Through this project the ESO will better understand the actions it can take to mitigate risks and maximise the benefits, from a system operation perspective, which arise from the development of 24/7 CFE trading.
Benefits
ESO needs to be aware of the circumstances in which dispatch patterns will change due to 24/7 CFE trading and whether these changes will be beneficial or not for system operation. Ahead of potential implementation of such a trading scheme, ESO needs insight on the action to take (directly or through influencing the design of the scheme) to ensure optimal outcomes for system operation and consumers: this project will provide such insights.The ESO will also gain insights into the potential implications of market reforms for 24/7 CFE trading, being discussed under the Government’s Review of Electricity Market Arrangements (REMA) i.e. national, zonal or nodal pricing; and/or centralised dispatch and scheduling.
Learnings
Outcomes
Study Key Findings:
- 24/7 CFE matching is coming soon: In Britain, several energy suppliers are already offering time-matched ‘green’ supply tariffs to commercial, residential and industrial consumers. Several leading consumers, including AstraZeneca, Google, Microsoft and Vodafone are committed to buying 24/7 CFE. Carbon reporting standards are likely to become more granular. 24/7 CFE could be accelerated transparently and efficiently through a 24/7 CFE EAC trading scheme, which could be implemented within a few years.
- Trading of 24/7 CFE EACs is viable: Leading players in the energy market participated in the trading pilot. An ex-post system was modelled, which is consistent with current allocation of REGOs. The contract was defined with stakeholder input. The pilot successfully demonstrated that price formation would be possible, with results that were in-line with expectations from modelled output. The price duration curves showed a green premium, which depended on the required matching score, with prices rising sharply after 75% CFE matching levels.
- Incentivises CFE investment particularly in storage and DSR: 24/7 CFE trading enables the transfer of premiums paid by consumers for 24/7 CFE EACs to support various CFE technologies with the most flexibility, benefiting the most. The additional revenue would be a benefit for CFE assets that cannot currently access REGOs, notably DSR and storage. Time matched certificates would allow storage operators to access a new revenue stream, by purchasing granular EACs and storing energy when certificate prices are low and selling EACs and discharging when prices are high. Purchasers of 24/7 CFE EACs would have stronger incentives for demand side response than from electricity prices alone, creating shorter payback periods for innovations automating DSR.

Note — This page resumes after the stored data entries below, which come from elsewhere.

(* Let $k=2$, $\lambda>0$ and $0<\theta<1$, and $F(x,y,\theta)=\frac{1+x+\theta y}{1+x+y}$. If either $\theta\ge1/3$, or $\theta<1/3$ and $\lambda\le\frac{9}{4(1-3\theta)}$, then the system $$z^-_1=\lambda F(z^-_1,z^+_2,\theta)^2,\ z^+_1=\lambda F(z^+_1,z^-_2,\theta)^2,\ z^-_2=\lambda F(z^-_2,z^+_1,\theta)^2,\ z^+_2=\lambda F(z^+_2,z^-_1,\theta)^2$$ has the unique solution $(x^*,x^*,x^*,x^* )$ in $(0,\infty)^4$, where $x^*$ is the unique positive solution of $x=\lambda\bigl(\frac{1+(1+\theta)x}{1+2x}\bigr)^2$. *)

From Stdlib Require Import Reals.
Open Scope R_scope.

Definition F (x y theta : R) : R := (1 + x + theta * y) / (1 + x + y).

(* The k = 2 system in unknowns (z1m, z1p, z2m, z2p) = (z^-_1, z^+_1, z^-_2, z^+_2). *)
Definition system2 (lam theta z1m z1p z2m z2p : R) : Prop :=
  z1m = lam * (F z1m z2p theta) ^ 2 /\
  z1p = lam * (F z1p z2m theta) ^ 2 /\
  z2m = lam * (F z2m z1p theta) ^ 2 /\
  z2p = lam * (F z2p z1m theta) ^ 2.

From Stdlib Require Import Reals Lra Psatz.
Open Scope R_scope.

(* On the diagonal, F x x theta = G theta x := (1+(1+theta)x)/(1+2x), which is
   positive and strictly decreasing on [0,oo).  Hence x = lam*G(x)^2 has at most
   one positive root (left side increasing, right side decreasing), and it has one
   by the intermediate value theorem applied to x(1+2x)^2 - lam(1+(1+theta)x)^2 on
   [0,lam].
   The system couples the unknowns in the two pairs (z1m,z2p) and (z1p,z2m),
   each pair (a,b) solving a = lam F(a,b)^2, b = lam F(b,a)^2.  Writing
   u = sqrt a, v = sqrt b, c = sqrt lam, the pair equations become polynomial, and
   an asymmetric solution u <> v forces, with s = u+v,
       (1-3theta) s^2 > 4    and    c(1+theta) s = s^2 - 1.
   The first is impossible for theta >= 1/3; the second then gives
   4(1-3theta) lam > 9, contradicting the bound on lam.  So a = b in each pair,
   each unknown is a positive diagonal fixed point, and all equal x*. *)

Definition G (theta x : R) : R := (1 + (1 + theta) * x) / (1 + 2 * x).

Lemma F_diag (theta x : R) : F x x theta = G theta x.
Proof. unfold F, G. f_equal; ring. Qed.

Section DiagonalFixedPoint.

Variables lam theta : R.
Hypothesis lam_pos : 0 < lam.
Hypothesis theta_range : 0 < theta < 1.

Lemma G_pos (x : R) : 0 <= x -> 0 < G theta x.
Proof. intros. unfold G. apply Rdiv_lt_0_compat; nra. Qed.

(* G is strictly decreasing since its derivative is -(1-theta)/(1+2x)^2. *)
Lemma G_decreasing (x y : R) : 0 <= x -> x < y -> G theta y < G theta x.
Proof.
  intros hx hxy.
  assert (Hdiff : G theta x - G theta y = (1 - theta) * (y - x) / ((1 + 2 * x) * (1 + 2 * y))).
  { unfold G. field. split; lra. }
  assert (0 < (1 - theta) * (y - x) / ((1 + 2 * x) * (1 + 2 * y))).
  { apply Rdiv_lt_0_compat; nra. }
  lra.
Qed.

(* Uniqueness: x -> lam*G(x)^2 is decreasing, so it meets the identity at most once. *)
Lemma diag_fixed_point_unique (x y : R) :
  0 < x -> 0 < y -> x = lam * G theta x ^ 2 -> y = lam * G theta y ^ 2 -> x = y.
Proof.
  intros hx hy Ex Ey.
  assert (Hmono : forall p q, 0 < p -> p < q ->
            lam * G theta q ^ 2 < lam * G theta p ^ 2).
  { intros p q hp hpq.
    pose proof (G_decreasing p q (Rlt_le _ _ hp) hpq).
    pose proof (G_pos q (Rlt_le _ _ (Rlt_trans _ _ _ hp hpq))).
    apply Rmult_lt_compat_l; [exact lam_pos | nra]. }
  destruct (Rtotal_order x y) as [h | [h | h]]; [| exact h |].
  - specialize (Hmono x y hx h). lra.
  - specialize (Hmono y x hy h). lra.
Qed.

(* Existence: the cubic x(1+2x)^2 - lam(1+(1+theta)x)^2 changes sign on [0,lam]. *)
Lemma diag_fixed_point_exists : exists xs, 0 < xs /\ xs = lam * G theta xs ^ 2.
Proof.
  set (h := fun x => x * (1 + 2 * x) ^ 2 - lam * (1 + (1 + theta) * x) ^ 2).
  assert (h_cont : continuity h) by (unfold h; reg).
  assert (h_at0 : h 0 < 0) by (unfold h; lra).
  assert (h_atlam : 0 < h lam).
  { unfold h.
    assert (0 < 1 + (1 + theta) * lam) by nra.
    assert (1 + (1 + theta) * lam < 1 + 2 * lam) by nra.
    assert ((1 + (1 + theta) * lam) ^ 2 < (1 + 2 * lam) ^ 2) by nra.
    nra. }
  destruct (IVT h 0 lam h_cont lam_pos h_at0 h_atlam) as [xs [[hxs0 _] hroot]].
  assert (xs_pos : 0 < xs).
  { destruct hxs0 as [| e]; [assumption | subst xs; lra]. }
  exists xs. split; [exact xs_pos |].
  unfold G, h in *.
  apply (Rmult_eq_reg_r ((1 + 2 * xs) ^ 2)); [| nra].
  field_simplify; [lra | lra].
Qed.

End DiagonalFixedPoint.

Section AsymmetricPairs.

(* Square-root variables: u = sqrt a, v = sqrt b, c = sqrt lam, s = u + v. *)
Variables u v c theta : R.
Hypothesis c_pos : 0 < c.
Hypothesis theta_range : 0 < theta < 1.
Hypothesis pair_u : u * (1 + u * u + v * v) = c * (1 + u * u + theta * (v * v)).
Hypothesis pair_v : v * (1 + v * v + u * u) = c * (1 + v * v + theta * (u * u)).
Hypothesis u_neq_v : u <> v.

(* Subtracting and adding the two pair equations (dividing by u - v) yields
   the product uv and the scale c in terms of the sum s = u + v. *)
Lemma asym_pair_relations :
  (1 + theta) * (u * v) = 1 + theta * ((u + v) * (u + v)) /\
  c * (1 + theta) * (u + v) = (u + v) * (u + v) - 1.
Proof.
  assert (Hd : u - v <> 0) by lra.
  assert (Hdiff : 1 + u * u + v * v = c * (1 - theta) * (u + v)).
  { apply (Rmult_eq_reg_l (u - v)); [nra | exact Hd]. }
  assert (Hsum : (1 - theta) * ((u + v) * (u + v)) = 2 + (1 + theta) * (u * u + v * v)).
  { apply (Rmult_eq_reg_l c); [| lra].
    assert (S : (u + v) * (1 + u * u + v * v) = c * (2 + (1 + theta) * (u * u + v * v)))
      by nra.
    rewrite Hdiff in S. nra. }
  assert (Hprod : (1 + theta) * (u * v) = 1 + theta * ((u + v) * (u + v))) by nra.
  split; [exact Hprod |].
  apply (Rmult_eq_reg_l (1 - theta)); [nra | lra].
Qed.

(* Since 4uv < s^2 strictly, the product relation forces (1-3theta)s^2 > 4. *)
Lemma asym_pair_sum_large : 4 < (1 - 3 * theta) * ((u + v) * (u + v)).
Proof.
  destruct asym_pair_relations as [Hprod _].
  assert (0 < (u - v) * (u - v)) by (destruct (Rlt_or_le u v); nra).
  nra.
Qed.

End AsymmetricPairs.

(* With m = 1-3theta, t = s^2 and c(1+theta)s = t-1, the identity
   4m(t-1)^2 - 9(1+theta)^2 t = (mt-4)(4t-m) shows 4m c^2 > 9 once mt > 4. *)
Lemma scale_exceeds_threshold (c s theta : R) :
  0 < s -> 0 < theta < 1 ->
  4 < (1 - 3 * theta) * (s * s) -> c * (1 + theta) * s = s * s - 1 ->
  9 < c * c * (4 * (1 - 3 * theta)).
Proof.
  intros hs ht Hlarge Hc.
  set (m := 1 - 3 * theta) in *. set (t := s * s) in *.
  assert (m_le1 : m <= 1) by (unfold m; lra).
  assert (t_pos : 0 < t) by (unfold t; nra).
  assert (m_pos : 0 < m) by nra.
  assert (t_gt1 : 1 < t) by nra.
  assert (Hid : c * c * (4 * m) * ((1 + theta) * (1 + theta) * t) - 9 * ((1 + theta) * (1 + theta) * t)
                = (m * t - 4) * (4 * t - m)).
  { assert (Esq : c * c * ((1 + theta) * (1 + theta)) * t = (t - 1) * (t - 1))
      by (rewrite <- Hc; unfold t; ring).
    unfold m in *. nra. }
  assert (0 < (m * t - 4) * (4 * t - m)) by (apply Rmult_lt_0_compat; unfold m in *; lra).
  assert (0 < (1 + theta) * (1 + theta) * t) by (unfold t; nra).
  nra.
Qed.

Lemma sqrt_scaled_square (c y x : R) : 0 < c -> 0 < y -> x = c * c * y ^ 2 -> sqrt x = c * y.
Proof.
  intros hc hy Ex.
  replace x with (c * y * (c * y)) by (rewrite Ex; ring).
  apply sqrt_square. nra.
Qed.

Lemma pair_equation_in_roots (c theta a b : R) :
  0 < c -> 0 < theta < 1 -> 0 < a -> 0 < b -> a = c * c * F a b theta ^ 2 ->
  sqrt a * (1 + a + b) = c * (1 + a + theta * b).
Proof.
  intros hc ht ha hb Ea.
  assert (F_pos : 0 < F a b theta) by (unfold F; apply Rdiv_lt_0_compat; nra).
  rewrite (sqrt_scaled_square c (F a b theta) a hc F_pos Ea).
  unfold F. field. lra.
Qed.

Lemma pair_solution_symmetric (lam theta a b : R) :
  0 < lam -> 0 < theta < 1 ->
  (1/3 <= theta \/ (theta < 1/3 /\ lam <= 9 / (4 * (1 - 3 * theta)))) ->
  0 < a -> 0 < b -> a = lam * F a b theta ^ 2 -> b = lam * F b a theta ^ 2 -> a = b.
Proof.
  intros hl ht hcond ha hb Ea Eb.
  set (c := sqrt lam).
  assert (hc : 0 < c) by (apply sqrt_lt_R0; lra).
  assert (Cl : c * c = lam) by (apply sqrt_sqrt; lra).
  rewrite <- Cl in Ea, Eb.
  pose proof (pair_equation_in_roots c theta a b hc ht ha hb Ea) as pair_u.
  pose proof (pair_equation_in_roots c theta b a hc ht hb ha Eb) as pair_v.
  assert (Ua : a = sqrt a * sqrt a) by (symmetry; apply sqrt_sqrt; lra).
  assert (Vb : b = sqrt b * sqrt b) by (symmetry; apply sqrt_sqrt; lra).
  pose proof (sqrt_lt_R0 a ha) as hu. pose proof (sqrt_lt_R0 b hb) as hv.
  set (u := sqrt a) in *. set (v := sqrt b) in *.
  rewrite Ua, Vb in pair_u, pair_v.
  destruct (Req_dec u v) as [huv | huv]; [rewrite Ua, Vb, huv; reflexivity | exfalso].
  pose proof (asym_pair_sum_large u v c theta hc ht pair_u pair_v huv) as Hlarge.
  destruct (asym_pair_relations u v c theta hc ht pair_u pair_v huv) as [_ Hscale].
  destruct hcond as [theta_large | [theta_small lam_bound]].
  - assert (sum_sq : 0 <= (u + v) * (u + v)) by apply Rle_0_sqr.
    clear - theta_large Hlarge sum_sq. nra.
  - pose proof (scale_exceeds_threshold c (u + v) theta ltac:(lra) ht Hlarge Hscale).
    apply (Rmult_le_compat_r (4 * (1 - 3 * theta))) in lam_bound; [| lra].
    replace (9 / (4 * (1 - 3 * theta)) * (4 * (1 - 3 * theta))) with 9 in lam_bound
      by (field; lra).
    rewrite <- Cl in lam_bound. lra.
Qed.

Theorem mainTheorem15 (lam theta : R) :
  0 < lam -> 0 < theta < 1 ->
  (1/3 <= theta \/ (theta < 1/3 /\ lam <= 9 / (4 * (1 - 3 * theta)))) ->
  exists xs : R,
    (0 < xs /\ xs = lam * ((1 + (1 + theta) * xs) / (1 + 2 * xs)) ^ 2) /\
    (forall x : R, 0 < x -> x = lam * ((1 + (1 + theta) * x) / (1 + 2 * x)) ^ 2 -> x = xs) /\
    system2 lam theta xs xs xs xs /\
    (forall z1m z1p z2m z2p : R,
        0 < z1m -> 0 < z1p -> 0 < z2m -> 0 < z2p ->
        system2 lam theta z1m z1p z2m z2p ->
        z1m = xs /\ z1p = xs /\ z2m = xs /\ z2p = xs).
Proof.
  intros hl ht hcond.
  destruct (diag_fixed_point_exists lam theta hl ht) as [xs [xs_pos xs_fix]].
  exists xs.
  split; [split; assumption |].
  split; [intros x hx Ex; exact (diag_fixed_point_unique lam theta hl ht x xs hx xs_pos Ex xs_fix) |].
  split; [unfold system2; rewrite F_diag; repeat split; exact xs_fix |].
  intros z1m z1p z2m z2p h1 h2 h3 h4 [E1 [E2 [E3 E4]]].
  assert (e1 : z1m = z2p) by (apply (pair_solution_symmetric lam theta); assumption).
  assert (e2 : z1p = z2m) by (apply (pair_solution_symmetric lam theta); assumption).
  subst z2p z2m. rewrite F_diag in E1, E2.
  pose proof (diag_fixed_point_unique lam theta hl ht z1m xs h1 xs_pos E1 xs_fix).
  pose proof (diag_fixed_point_unique lam theta hl ht z1p xs h2 xs_pos E2 xs_fix).
  repeat split; assumption.
Qed.
Lemma mutant_fitter j t :
  (1 - p) * (2 * #|{set 'I_n}|%:R * (2 * K)) < mlin (pi j) sig - mlin (pi j) (pure R astar) ->
  t \in fsupp (mu j) ->
  avgfit pi p post invasion_b invasion_s j t < avgfit pi p post invasion_b invasion_s j (mt j).
Proof.
move=> gain_big t_supp; have gain := invasion_gain gain_big.
have j_out : j \notin ~: [set j] by rewrite !inE negbK.
rewrite /avgfit (eq_texp (G := fun _ =>
    \sum_(T : {set 'I_n}) pr p n #|T| * mlin (pi j) (pure R astar))); last first.
  move=> th [_ th_out]; have th_j : th j != mt j.
    by rewrite th_out //; apply: contraNneq (mutant_notin_supp mu astar j) => <-.
  by apply: eq_bigr => T _; rewrite play_inv_incumbent // (all_mutantsN th_j).
rewrite (texp_cst _ _ _ (fun _ => mt j)); apply: (ltr_texp post_pos_wts (th1 := mt)).
- move=> th _; case: (boolP (all_mutants th)) => [all_mt | not_mt].
    by under [X in _ <= X]eq_bigr do rewrite play_inv_mutants //; exact: ltW.
  by under [X in _ <= X]eq_bigr do rewrite play_inv_incumbent //.
- by split=> i; rewrite ?mem_post_supp ?eqxx // !inE negbK => /eqP ->.
- exact: gain.
Qed.

End Invasion.

Lemma mlin_bounded (pi : 'I_n -> prof -> R) :
  exists2 K, 0 <= K & forall j m, is_mprof m -> `|mlin (pi j) m| <= K.
Proof.
exists (\sum_j \sum_(a : prof) `|pi j a|) => [|j m m_mprof].
  by apply: sumr_ge0 => j _; exact: sumr_ge0.
apply: le_trans (norm_mlin_le _ m_mprof) _.
by rewrite (bigD1 j) //= lerDl sumr_ge0 // => i _; exact: sumr_ge0.
Qed.

Lemma dominated_not_stable (pi : 'I_n -> prof -> R) (astar : prof) (sig : mprof) (p K : R) :
  (0 < n)%N -> is_mprof sig -> 0 < p < 1 -> 1/2 <= p ->
  (forall j m, is_mprof m -> `|mlin (pi j) m| <= K) ->
  (forall j, (1 - p) * (2 * #|{set 'I_n}|%:R * (2 * K)) <
             mlin (pi j) sig - mlin (pi j) (pure R astar)) ->
  ~ stable_pure pi p astar.
Proof.
move=> n_gt0 sig_mprof p01 p_half K_bound gain [mu [b [s [[mu_pop bs_eq _ invasion] out_astar]]]].
pose i0 := Ordinal n_gt0.
have setT_neq0 : [set: 'I_n] != set0 by apply/set0Pn; exists i0.
have [etab [epsb [/andP [etab_ge0 _] /andP [epsb0 epsb1] entry]]] :=
  invasion setT setT_neq0 (mutant mu astar) (fun j _ => mutant_notin_supp mu astar j) 1 ltr01.
pose eps (j : 'I_n) := epsb / 2.
have eps01 j : 0 < eps j < 1 by apply/andP; split; rewrite /eps; lra.
have eps_small j : eps j < epsb by rewrite /eps; lra.
have [_ outcomes] := entry eps (fun j _ => eps01 j) (fun j _ => eps_small j).
have inv_eq := invasion_eq sig_mprof p01 mu_pop eps01 (pure_best_reply p01 mu_pop bs_eq out_astar).
have inv_near := invasion_near sig n_gt0 etab_ge0
  (b_eq_pure p01 mu_pop bs_eq out_astar) (s_eq_pure p01 mu_pop bs_eq out_astar).
have fitter j t (t_supp : t \in fsupp (mu j)) :=
  mutant_fitter sig_mprof p01 mu_pop eps01 n_gt0 p_half K_bound (gain j) t_supp.
pose t0 j := head [ffun _ => 0] (fsupp (mu j)).
have t0_supp j : t0 j \in fsupp (mu j) := head_fsupp _ (mu_pop j).
case: (outcomes _ _ inv_eq inv_near) => [[j _ incumbents_fitter] | post_balanced].
  by have := lt_trans (incumbents_fitter _ (t0_supp j)) (fitter _ _ (t0_supp j)); rewrite ltxx.
have := post_balanced i0 (t0 i0) (mutant mu astar i0).
rewrite !mem_post_supp eqxx t0_supp orbT => /(_ isT isT) fit_eq.
by have := fitter _ _ (t0_supp i0); rewrite fit_eq ltxx.
Qed.

End Game.

Theorem mainTheorem14 (R : realFieldType) (n : nat) (Act : 'I_n -> finType)
  (pi : 'I_n -> prof Act -> R) (astar : prof Act) :
  (0 < n)%N ->
  (forall pbar : R, 0 < pbar < 1 ->
     exists p : R, pbar < p < 1 /\ stable_pure pi p astar) ->
  weakly_pareto pi (pure R astar).
Proof.
move=> n_gt0 stable_near_one [sig [sig_mprof sig_dom]].
have [K K_ge0 K_bound] := mlin_bounded pi.
have c_ge0 : 0 <= 2 * #|{set 'I_n}|%:R * (2 * K) by rewrite !mulr_ge0.
have gain_pos j : 0 < mlin (pi j) sig - mlin (pi j) (pure R astar) by rewrite subr_gt0.
have [pbar pbar01 near_one] := near_one_threshold c_ge0 gain_pos.
have [p [p_near stable_p]] := stable_near_one pbar pbar01.
have [p_half gain] := near_one p p_near.
have p01 : 0 < p < 1 by case/andP: pbar01 p_near => pbar_gt0 _ /andP [pbar_p ->]; lra.
exact: dominated_not_stable n_gt0 sig_mprof p01 p_half K_bound gain stable_p.
Qed.
(* Each heavy level [m] is covered by the [e^(-m eps/2)]-balls around a maximal
   separated subset of it; all these centres, indexed by pairs [(m, j)]
   encoded as naturals, form a cover admissible for [Mc_N]. *)
Lemma Mc_N_le_wfamily_sum :
  (Mc_N T phi Z (s + theta) N (eps / 2) <= \esum_(i in I) term i)%E.
Proof.
have [K KP] := choice (fun m => @compact_maximal_bowen_separated _ _ T m
  (expR (- (m%:R * eps))) (heavy m) cpt contT (expR_gt0 _)).
pose P := [set m | (N <= m)%N] `*`` (fun m => [set j | (j < size (K m))%N]).
pose x' i := if (unpickle i : option (nat * nat)) is Some p
  then nth (x 0%N) (K p.1) p.2 else x 0%N.
pose n' i := if (unpickle i : option (nat * nat)) is Some p then p.1 else N.
have cover' : is_cover T Z N (eps / 2) (pickle @` P) x' n'.
  split=> [_ [p [Np _] <-] | z Zz]; first by rewrite /n' pickleK.
  have [m Nm heavy_mz] := heavy_level_exists z Zz.
  have [_ _ /(_ z heavy_mz)[b bK Bbz]] := KP m.
  exists (pickle (m, index b (K m))).
    by exists (m, index b (K m)); rewrite // /P /= index_mem.
  rewrite /x' /n' pickleK /= nth_index //.
  exact: le_bowen_ball (radius_doubling Nm) _ Bbz.
apply: le_trans (ereal_inf_lbound _) _; first by exists (pickle @` P), x', n'.
rewrite esum_image; last by move=> p q _ _ /(pcan_inj pickleK).
under eq_esum => p _ do rewrite /x' /n' pickleK.
rewrite -(esum_esum (a := fun m j =>
  (expR (- (m%:R * (s + theta)) + phi m (nth (x 0%N) (K m) j)))%:E)); last first.
  by move=> *; rewrite lee_fin expR_ge0.
rewrite (esum_I_level _ term_ge0); apply: le_esum => m _.
by have [sepK heavyK _] := KP m; exact: separated_heavy_sum_le.
Qed.

End WeightedFamily.

Lemma near_radius_doubling {R : realType} {eps : R} : 0 < eps ->
  \forall m \near \oo,
    expR (- (m%:R * eps)) + expR (- (m%:R * eps)) <= expR (- (m%:R * (eps / 2))).
Proof.
move=> eps0; apply: filterS (nbhs_infty_ger (2 / eps)) => m le_m.
have two_le : 2 <= expR (m%:R * (eps / 2)).
  apply: le_trans (expR_ge1Dx _); rewrite -lerBlDl (_ : 2 - 1 = 1 :> R); last lra.
  by rewrite mulrA ler_pdivlMr // mul1r -ler_pdivrMr.
rewrite (_ : - (m%:R * (eps / 2)) = - (m%:R * eps) + m%:R * (eps / 2)); last by field.
rewrite expRD; have := ler_wpM2l (expR_ge0 (- (m%:R * eps))) two_le; lra.
Qed.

- 24/7 CFE EACs enhance value of flexibility in times of scarcity: Shortage of CFE supply tends to occur at the same time as increased system tightness. In the GB system, shortages of CFE occur at times of low wind supply, and this is when 24/7 CFE EAC price would be highest. Conversely, at times of renewable curtailment, generally there is an excess of CFE supply and 24/7 CFE EAC prices will typically be very low or zero. During periods of scarcity, 24/7 CFE EACs provide a stronger price signal for carbon free power than energy prices alone. This was shown in both the modelling and trading pilot.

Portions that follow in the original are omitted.